I like Royce White a lot, and not just because of that gnarly neckbeard he’s got that easily eclipses the scruff and scraggle that will cover the rest of the Rockets’ league-youngest locker room. No, I like him because he’s one of those guys, those “future of the NBA guys”, the ones with the skill sets that seem to have no real limitation (but almsot invariably involve a big man with the ability to pass/dribble/both), the ones that teams waste first-round picks on to take a stab at being the one organization that can fix him and render him less “the next big thing” and more “the thing”. When I look at this new Rockets team, and my God, since the last time I wrote an article is this a new team, I see a litany of paradigm-shifters and positional-revolutionaries, from Motiejūnas’ aggressive Dirkness to Jones’ wiry rebounding prowess. What anyone else looking on sees,though, is a damn mess, and that’s perfectly fine because if there were ever a time in this league to batten down the hatches and pretend to exist in one’s own summer league for a year or two, this might be that moment.
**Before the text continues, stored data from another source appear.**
Lemma sandwich_value_exists S y : sup_dominated S -> Defs.bounded y ->
  exists c,
    (forall d x s, S (d, x) -> (forall n, d n - y n <= s) -> x - s <= c) /\
    (forall d x s, S (d, x) -> (forall n, d n + y n <= s) -> c <= s - x).
Proof.
  intros HS [My HMy].
  set (L := fun l => exists d x s, S (d, x) /\ (forall n, d n - y n <= s) /\ l = x - s).
  assert (L_bound : bound L).
  { exists My. intros l (d & x & s & Hd & Hs & ->).
    assert (x - s <= My - 0); [|lra].
    apply (graph_sandwich S y d x s zero_seq 0 My HS Hd (graph_zero HS) Hs).
    intro n; unfold zero_seq; specialize (HMy n); pose proof (Rle_abs (y n)); lra. }
  assert (L_inhabited : exists l, L l).
  { exists (0 - My), zero_seq, 0, My. split; [exact (graph_zero HS)|split; [|reflexivity]].
    intro n; unfold zero_seq; specialize (HMy n).
    pose proof (Rle_abs (- y n)); rewrite Rabs_Ropp in *; lra. }
  destruct (completeness L L_bound L_inhabited) as [c [Hub Hlub]].
  exists c. split.
  - intros d x s Hd Hs. apply Hub. now exists d, x, s.
  - intros d x s Hd Hs. apply Hlub. intros l (d' & x' & s' & Hd' & Hs' & ->).
    exact (graph_sandwich S y d' x' s' d x s HS Hd' Hd Hs' Hs).
Qed.

Definition extension_bound (S : graph) (y : nat -> R) (c : R) : Prop :=
  forall d x t s, S (d, x) -> (forall n, d n + t * y n <= s) -> x + t * c <= s.

Lemma extension_bound_exists S y : sup_dominated S -> Defs.bounded y ->
  exists c, extension_bound S y c.
Proof.
  intros HS Hy.
  destruct (sandwich_value_exists S y HS Hy) as [c [lower upper]].
  exists c. intros d x t s Hd Hs.
  (* divide [d + t y <= s] by [|t|] to meet one of the two bounds on [c] *)
  destruct (Rtotal_order t 0) as [Hneg|[->|Hpos]].
  - set (r := / - t).
    assert (Hr : 0 < r) by (apply Rinv_0_lt_compat; lra).
    assert (H := lower (lc r 0 d d) (r * x + 0 * x) (r * s)
                   (graph_lc HS r 0 d d x x Hd Hd)).
    assert (H' : r * x + 0 * x - r * s <= c).
    { apply H. intro n. unfold lc.
      assert (Hs' : r * (d n + t * y n) <= r * s)
        by (apply Rmult_le_compat_l; [lra|apply Hs]).
      replace (r * (d n + t * y n)) with (r * d n + 0 * d n - y n) in Hs'
        by (unfold r; field; lra).
      exact Hs'. }
    apply Rmult_le_compat_l with (r := - t) in H'; [|lra].
    replace (- t * (r * x + 0 * x - r * s)) with (x - s) in H' by (unfold r; field; lra).
    lra.
  - assert (H := graph_le_sup HS d x s Hd). assert (x <= s); [|lra].
    apply H. intro n. specialize (Hs n). lra.
  - set (r := / t).
    assert (Hr : 0 < r) by (apply Rinv_0_lt_compat; lra).
    assert (H := upper (lc r 0 d d) (r * x + 0 * x) (r * s)
                   (graph_lc HS r 0 d d x x Hd Hd)).
    assert (H' : c <= r * s - (r * x + 0 * x)).
    { apply H. intro n. unfold lc.
      assert (Hs' : r * (d n + t * y n) <= r * s)
        by (apply Rmult_le_compat_l; [lra|apply Hs]).
      replace (r * (d n + t * y n)) with (r * d n + 0 * d n + y n) in Hs'
        by (unfold r; field; lra).
      exact Hs'. }
    apply Rmult_le_compat_l with (r := t) in H'; [|lra].
    replace (t * (r * s - (r * x + 0 * x))) with (s - x) in H' by (unfold r; field; lra).
    lra.
Qed.

Definition one_step_extension (S : graph) (y : nat -> R) (c : R) : graph :=
  fun p => exists d x t, S (d, x) /\ p = (lc 1 t d y, x + t * c).

Lemma one_step_extension_dominated S y c : sup_dominated S -> extension_bound S y c ->
  sup_dominated (one_step_extension S y c).
Proof.
  intros HS Hc. split.
  - exists zero_seq, 0, 0. split; [apply HS|]. f_equal; [seq_ext|ring].
  - intros a b u v x x' (d1 & x1 & t1 & H1 & E1) (d2 & x2 & t2 & H2 & E2).
    injection E1 as -> ->. injection E2 as -> ->.
    exists (lc a b d1 d2), (a * x1 + b * x2), (a * t1 + b * t2).
    split; [now apply graph_lc|]. f_equal; [seq_ext|ring].
  - intros u x s (d & x0 & t & Hd & E) Hs. injection E as -> ->.
    apply (Hc d x0 t s Hd). intro n. specialize (Hs n). unfold lc in Hs. lra.
Qed.

Lemma one_step_extension_sub S y c p : S p -> one_step_extension S y c p.
Proof.
  destruct p as [u x]. intro H. exists u, x, 0. split; auto. f_equal; [seq_ext|ring].
Qed.

Lemma one_step_extension_new S y c : sup_dominated S -> one_step_extension S y c (y, c).
Proof.
  intro HS. exists zero_seq, 0, 1. split; [apply HS|]. f_equal; [seq_ext|ring].
Qed.

Section ChainUnion.
Variables (S0 : graph) (F : graph -> Prop).
Hypothesis S0_dominated : sup_dominated S0.
Hypothesis F_dominated : forall X, F X -> sup_dominated (fun p => S0 p \/ X p).
Hypothesis F_chain : forall X Y, F X -> F Y -> (forall p, X p -> Y p) \/ (forall p, Y p -> X p).
(** Testing the convergence against products [phi (x1) psi (s)] gives
    [sum_i (int_0^1 w_i psi) alpha_i^h (phi) -> f (phi (x) psi)] with [(w_1, w_2, w_3) = (N, tau2, tau3)].
    These weights are linearly independent: differentiating a relation [c1 N + c2 tau2 + c3 tau3 = 0]
    along the curve with [tau' = k n] at points of nonzero curvature gives [(c2, c3) = c1 (- gamma3, gamma2)],
    so [c1 <> 0] would make [gamma] locally constant. Hence there are test functions [psi_1, psi_2, psi_3]
    with an invertible moment matrix [(int_0^1 w_k psi_j)], and inverting it writes each [alpha_i^h (phi)]
    as a fixed combination of the three convergent sums obtained for [psi = psi_j]. Their limits define [alpha_i];
    these inherit a [W^{-2,2}] bound from [f], an [L^2] bound when [f = d_s g] (the derivative falls on
    [psi_j]), and vanish when [f] does. The representation of [f] on arbitrary test functions follows by
    exchanging [alpha] with the integral in [s], obtained by differentiating
    [t |-> alpha (int_0^t w (s) delta (., s) ds)]. *)

From Pilot Require Import Defs.
From Stdlib Require Import Reals Lra Lia Classical ClassicalEpsilon FunctionalExtensionality List.
From Coquelicot Require Import Coquelicot.
Open Scope R_scope.

(** * Calculus on the real line *)

Lemma RInt_total_eq f a b : ex_RInt f a b -> Defs.RInt f a b = RInt f a b :> R.
Proof.
  intro Hf; unfold Defs.RInt.
  destruct (epsilon_spec (inhabits 0)
              (fun v => exists pr : Riemann_integrable f a b, RiemannInt pr = v))
    as [pr <-].
  - exists (RiemannInt (ex_RInt_Reals_0 _ _ _ Hf)); eauto.
  - symmetry; apply RInt_Reals.
Qed.

Lemma der_eq f x l : derivable_pt_lim f x l -> der f x = l.
Proof.
  intro Hf; unfold der.
  eapply uniqueness_limite; [|exact Hf].
  exact (epsilon_spec (inhabits 0) (fun l => derivable_pt_lim f x l) (ex_intro _ l Hf)).
Qed.

Lemma der_eq_fun f g : (forall x, derivable_pt_lim f x (g x)) -> der f = g.
Proof. intro Hf; apply functional_extensionality; intro x; apply der_eq, Hf. Qed.

Lemma derivable_pt_lim_eq_fun f g x l :
  (forall y, f y = g y) -> derivable_pt_lim f x l -> derivable_pt_lim g x l.
Proof. intro Hfg; replace g with f; [auto | apply functional_extensionality; auto]. Qed.

Lemma derivable_pt_lim_eq f x l l' : derivable_pt_lim f x l -> l = l' -> derivable_pt_lim f x l'.
Proof. now intros Hf <-. Qed.

Lemma derivable_pt_lim_scalr c f x l :
  derivable_pt_lim f x l -> derivable_pt_lim (fun y => f y * c) x (l * c).
Proof.
  intro Hf; rewrite Rmult_comm.
  apply (derivable_pt_lim_eq_fun (fun y => c * f y)); [intro; ring|].
  now apply (derivable_pt_lim_scal f c x l).
Qed.
(* Let $D$ be a countable solid digraph, fix an enumeration $v_1,v_2,\dots$ of $V(D)$, and let $X_n=\{v_1,\dots,v_n\}$. Then $|D|$ is homeomorphic to the inverse limit $\varprojlim(D/P_{X_n})_{n\in\mathbb{N}}$ of the spaces $D/P_{X_n}$ with the bonding maps $f_{P_{X_m}P_{X_n}}$ for $n\le m$.
   Context: Digraphs have no loops and no parallel edges. $\mathcal{X}(D)$: finite subsets of $V(D)$. $D$ is solid if $D-X$ has only finitely many strong components for every $X\in\mathcal{X}(D)$. For $X\in\mathcal{X}(D)$ of a solid digraph, $P_X$ is the partition of $V(D)$ whose classes are the singletons $\{x\}$, $x\in X$, and the vertex sets of the strong components of $D-X$. For a finite partition $P$ of $V(D)$, $D/P$ is the finite multi-digraph on $P$ where for distinct $p_1,p_2\in P$ there is one edge $(e,p_1,p_2)$ per edge $e$ of $D$ from $p_1$ to $p_2$ if there are finitely many such edges, and a single quotient edge $(p_1p_2,p_1,p_2)$ if infinitely many; it carries the 1-complex topology. If $P'$ refines $P$, the map $f_{P'P}\colon D/P'\to D/P$ sends $p'$ to the class $p\supseteq p'$, sends an edge $(e',p_1',p_2')$ whose endpoints lie in one class $p$ entirely to $p$, and otherwise, with $p_1'\subseteq p_1\ne p_2\supseteq p_2'$, maps it pointwise onto the quotient edge from $p_1$ to $p_2$ if it exists and else onto $(e',p_1,p_2)$. Ends and limit edges: rays are one-way infinite directed paths, tails are subrays; a ray is solid if for each $X\in\mathcal{X}(D)$ it has a tail in a strong component of $D-X$; solid rays are equivalent if for each $X$ they have tails in the same strong component; classes are ends, $\Omega(D)$. $C(X,\omega)$: strong component of $D-X$ containing tails of rays of $\omega$ ($\omega$ lives in it); $X$ separates ends $\omega,\eta$ if $C(X,\omega)\ne C(X,\eta)$. For distinct ends, $(\omega,\eta)$ is a limit edge if for each $X$ separating them $D$ has an edge from $C(X,\omega)$ to $C(X,\eta)$; for a vertex $v$, $(v,\omega)$ (resp. $(\omega,v)$) is a limit edge if $D$ has an edge from $v$ to $C(X,\omega)$ (resp. from $C(X,\omega)$ to $v$) for all $X$ with $v\notin C(X,\omega)$. $\Lambda(D)$: limit edges. $|D|$: from $V(D)\cup\Omega(D)$ and copies $[0,1]_e$, $e\in E(D)\cup\Lambda(D)$, identify the tail of $e$ with $0$ and head with $1$; points on different edges correspond if they come from the same real. A limit edge lives in a strong component $C$ of $D-X$ if each endpoint is a vertex of or an end living in $C$. Topology generated by: (1) open $\varepsilon$-stars around vertices; (2) open subintervals of interiors of edges of $D$; (3) for an end $\omega$ and $X\in\mathcal{X}(D)$, $\hat C_\varepsilon(X,\omega)$: vertices and inner points of edges of $C(X,\omega)$, ends living in $C(X,\omega)$, points of limit edges living in $C(X,\omega)$, and for each edge of $E(D)\cup\Lambda(D)$ with exactly one endpoint $y$ a vertex of/end living in $C(X,\omega)$, the half-open segment of length $\varepsilon$ at $y$; (4) for an inner point $z$ of a limit edge $(\omega,\eta)$ and $X$ separating $\omega,\eta$: union of open $\varepsilon$-intervals around points corresponding to $z$ on all edges of $D$ from $C(X,\omega)$ to $C(X,\eta)$ and on limit edges with tail a vertex of/end living in $C(X,\omega)$ and head a vertex of/end living in $C(X,\eta)$; for $(v,\omega)$ with $v\in X$ analogously over edges of $D$ from $v$ to $C(X,\omega)$ and limit edges $(v,\omega')$, $\omega'$ living in $C(X,\omega)$; symmetrically for $(\omega,v)$. *)

From Stdlib Require Import Reals List Classical ClassicalEpsilon.
Open Scope R_scope.
(* P = ceil((log_q n + log_q log_q n)/2), as a nat (0 if nonpositive) *)
Definition Pval (q n : nat) : nat := Z.to_nat (ceilR (half_loglog q n)).

Definition the_subseq (q n l : nat) (x : word q n) (i t : nat) : seq nat :=
  flatten [seq [:: xat x (i + s * l); xat x (i + s * l + 1)] | s <- iota 0 t.+1].

Definition good (q n l : nat) (x : word q n) : Prop :=
  forall t : nat, (INR t >= half_loglog q n - 1)%Re ->
  forall i : nat, (1 <= i)%N -> (i + t * l + 1 <= n)%N ->
  ~ alternating (the_subseq l x i t).

Definition pbool (P : Prop) : bool :=
  if excluded_middle_informative P then true else false.

Definition codeC (q n l a : nat) : {set word q n} :=
  [set x : word q n | pbool (good l x) && (Inv x == a %[mod Pval q n])].

Definition redundancy (q n : nat) (C : {set word q n}) : R :=
  (INR n - logq q (INR #|C|))%Re.

(* Let x != y be two codewords whose read vectors are at distance at most 2,
   and let j and j' be the first and last positions where they differ.  The
   read entries at j and at j' + l - 1 differ, so all the other ones agree, and
   comparing the symbol counts of consecutive windows forces j' = j + t l + 1
   for some t, with y obtained from x by swapping the adjacent pairs at
   j + s l, j + s l + 1 (s <= t), on which x alternates between two symbols.
   Since x is good, t + 1 < P; since every swap changes the number of
   inversions by the same +-1, Inv x and Inv y differ by t + 1, contradicting
   Inv x = Inv y mod P.

   A word that is not good contains such an alternating pattern with
   t >= T := ceil((log_q n + log_q log_q n)/2 - 1); fixing its start leaves
   q^(n - 2T) choices, so at most (n + 1) q^(n - 2T) = O(q^n / log_q n) words
   are bad.  By pigeonhole some residue class a mod P keeps a 1/P share of
   the good words, hence r(C_a) <= log_q P + O(1 / log_q n). *)

From Stdlib Require Import Reals Lra ZArith Classical ClassicalEpsilon.
From mathcomp Require Import all_boot zify.

(** * Sliding windows and the swap structure *)

Definition window_count (l : nat) (X : nat -> nat) (c i : nat) : nat :=
  count (fun k => X (i - k) == c) (iota 0 l).

Lemma window_countS l X c i : 0 < l ->
  window_count l X c i.+1 + (X (i.+1 - l) == c) = window_count l X c i + (X i.+1 == c).
Proof.
case: l => // l _; rewrite /window_count.
have iota_cons : iota 0 l.+1 = 0 :: map (addn 1) (iota 0 l) by rewrite /= -iotaDl.
have iota_rcons : iota 0 l.+1 = iota 0 l ++ [:: l] by rewrite -addn1 iotaD.
rewrite {1}iota_cons iota_rcons /= count_map count_cat /= subn0 subSS addn0.
under eq_count => k do rewrite /= add1n subSS.
lia.
Qed.

Lemma eq_window_count l X Y c i : (forall k, k < l -> X (i - k) = Y (i - k)) ->
  window_count l X c i = window_count l Y c i.
Proof.
move=> XY; apply: eq_in_count => k; rewrite mem_iota => /andP [_ kl].
by rewrite /= XY.
Qed.

Lemma window_count_perm l q n (x y : word q n) c i :
  perm_eq (read_entry l x i) (read_entry l y i) ->
  window_count l (xat x) c i = window_count l (xat y) c i.
Proof. by move/permP/(_ (pred1 c)); rewrite !count_map. Qed.

Section Differences.
Variables (l : nat) (X Y : nat -> nat).
Hypothesis l_gt0 : 0 < l.

Lemma window_count_first_diff j : 0 < j -> X j != Y j ->
  (forall k, k < j -> X k = Y k) ->
  window_count l X (X j) j != window_count l Y (X j) j.
Proof.
move=> j_gt0 XYj below.
have := window_countS l X (X j) j.-1 l_gt0; have := window_countS l Y (X j) j.-1 l_gt0.
have := eq_window_count l X Y (X j) j.-1 (fun k _ => below (j.-1 - k) ltac:(lia)).
rewrite prednK // (below (j - l)); last lia.
rewrite eqxx (eq_sym (Y j)) (negbTE XYj); lia.
Qed.

Lemma window_count_last_diff j' : X j' != Y j' ->
  (forall k, j' < k -> X k = Y k) ->
  window_count l X (X j') (j' + l - 1) != window_count l Y (X j') (j' + l - 1).
Proof.
move=> XYj' above.
have := window_countS l X (X j') (j' + l - 1) l_gt0.
have := window_countS l Y (X j') (j' + l - 1) l_gt0.
have := eq_window_count l X Y (X j') (j' + l) (fun k _ => above (j' + l - k) ltac:(lia)).
have -> : (j' + l - 1).+1 = j' + l by lia.
rewrite (above (j' + l)); last lia.
rewrite addnK eqxx (eq_sym (Y j')) (negbTE XYj'); lia.
Qed.

End Differences.

(* With D_c(k) := [X k = c] - [Y k = c], block_balance X Y j u c k says that
   D_c(k) is D_c(j) for u = 0, - D_c(j) for u = 1 and 0 otherwise. *)
Definition block_balance (X Y : nat -> nat) (j u c k : nat) : Prop :=
  match u with
  | 0 => (X k == c) + (Y j == c) = (Y k == c) + (X j == c)
  | 1 => (X k == c) + (X j == c) = (Y k == c) + (Y j == c)
  | _ => (X k == c) = (Y k == c) :> nat
  end.

Definition periodic_swap (l : nat) (X Y : nat -> nat) (j t : nat) : Prop :=
  [/\ forall k, k < j -> X k = Y k,
      forall k, j + t * l + 1 < k -> X k = Y k,
      forall s, s <= t -> [/\ X (j + s * l) = X j, Y (j + s * l) = Y j,
                             X (j + s * l + 1) = Y j & Y (j + s * l + 1) = X j]
    & forall s u, s <= t -> 1 < u < l -> X (j + s * l + u) = Y (j + s * l + u)].

Section SwapStructure.
Variables (l : nat) (X Y : nat -> nat) (j j' : nat).
Hypotheses (l_gt2 : 2 < l) (j_gt0 : 0 < j).
Hypotheses (XYj : X j != Y j) (below : forall k, k < j -> X k = Y k).
Hypotheses (XYj' : X j' != Y j') (above : forall k, j' < k -> X k = Y k).
Hypothesis windows : forall m, m != j -> m != j' + l - 1 ->
  forall c, window_count l X c m = window_count l Y c m.

Let l_gt0 : 0 < l. Proof. lia. Qed.

Lemma first_le_last_diff : j <= j'.
Proof. by rewrite leqNgt; apply/negP => /above XYj_eq; move: XYj; rewrite XYj_eq eqxx. Qed.

Lemma window_balance_shift k c : j + 2 <= k -> k <= j' + l - 2 ->
  (X k == c) + (Y (k - l) == c) = (Y k == c) + (X (k - l) == c) :> nat.
Proof.
have := first_le_last_diff; case: k => [|i] jj' k1 k2; first lia.
have := window_countS l X c i l_gt0; have := window_countS l Y c i l_gt0.
have := windows i.+1 ltac:(apply/eqP; lia) ltac:(apply/eqP; lia) c.
have := windows i ltac:(apply/eqP; lia) ltac:(apply/eqP; lia) c.
lia.
Qed.

Lemma window_balance_first c :
  (X j.+1 == c) + (X j == c) = (Y j.+1 == c) + (Y j == c) :> nat.
Proof.
have := first_le_last_diff; case: j j_gt0 below windows => // i _ below' windows' jj'.
have := window_countS l X c i l_gt0; have := window_countS l Y c i l_gt0.
have := window_countS l X c i.+1 l_gt0; have := window_countS l Y c i.+1 l_gt0.
have := windows' i ltac:(apply/eqP; lia) ltac:(apply/eqP; lia) c.
have := windows' i.+2 ltac:(apply/eqP; lia) ltac:(apply/eqP; lia) c.
rewrite (below' (i.+1 - l)) ?(below' (i.+2 - l)); lia.
Qed.

Lemma block_balance_all s u c : u < l -> j + s * l + u <= j' + l - 2 ->
  block_balance X Y j u c (j + s * l + u).
Proof.
elim: s u => [|s IH] [|[|u]] ul k_le /=; rewrite ?mul0n ?addn0 ?addn1; try lia.
- exact: window_balance_first.
- have := window_balance_shift (j + u.+2) c ltac:(lia) ltac:(lia).
  rewrite (below (j + u.+2 - l)); lia.
- have := window_balance_shift (j + s.+1 * l) c ltac:(lia) ltac:(lia).
  have -> : j + s.+1 * l - l = j + s * l by rewrite mulSn; lia.
  have := IH 0 l_gt0 ltac:(lia); rewrite /= addn0; lia.
- have := window_balance_shift ((j + s.+1 * l).+1) c ltac:(lia) ltac:(lia).
  have -> : (j + s.+1 * l).+1 - l = j + s * l + 1 by rewrite mulSn; lia.
  have := IH 1 ltac:(lia) ltac:(lia); rewrite /=; lia.
- have := window_balance_shift (j + s.+1 * l + u.+2) c ltac:(lia) ltac:(lia).
  have -> : j + s.+1 * l + u.+2 - l = j + s * l + u.+2 by rewrite mulSn; lia.
  have := IH u.+2 ul ltac:(lia); rewrite /=; lia.
Qed.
This summer, the team that just represented the Western Conference in the NBA Finals drafted a player that just a year previous had been pegged by most draft boards as a top 10 prospect, this player perhaps providing crucial backup at a pair of positions at which this team seemed woefully outmatched in said Finals. And the team that outdueled them, the reigning champion Miami Heat? A pair of the league’s best three-point shooters in all of its history, theirs for a paltry sum. And the twisted part of all of this? Those moves don’t even hint at the kind of league-altering world destruction that Mitch Kupchak hath wrought on this offseason, somehow transferring discussions about the Lakers from “Can they put one more run together?” to “Well, maybe Dwight Howard’s back is still messed up or somet… oh, who the hell are we kidding?”. Add in the upgrades in Brooklyn, Indiana and Denver and the sustained threats in San Antonio, Memphis and the other side of LA, and this upcoming season’s sure looking like an attractive one for the full rebuild.
A fanbase promised Chris Paul, Carmelo Anthony, Pau Gasol and Howard cannot be mollified with Jeremy Lin and platitudes about building a title contender organically, but even the frothiest-mouthed Rockets diehard has to see the writing on the wall for the next couple of years. Whichever Team USA member’s team dominates the league over the next few years, we can all be rest assured that the ketchup and mustard, Howard-or-not, would not have been privy to this title hunt. This simply isn’t an easy fact to swallow, but the faster we do, the more likely it is that this rebuilding process actually produces a foundation for future success. And until then, we can all just chill and watch the arms race.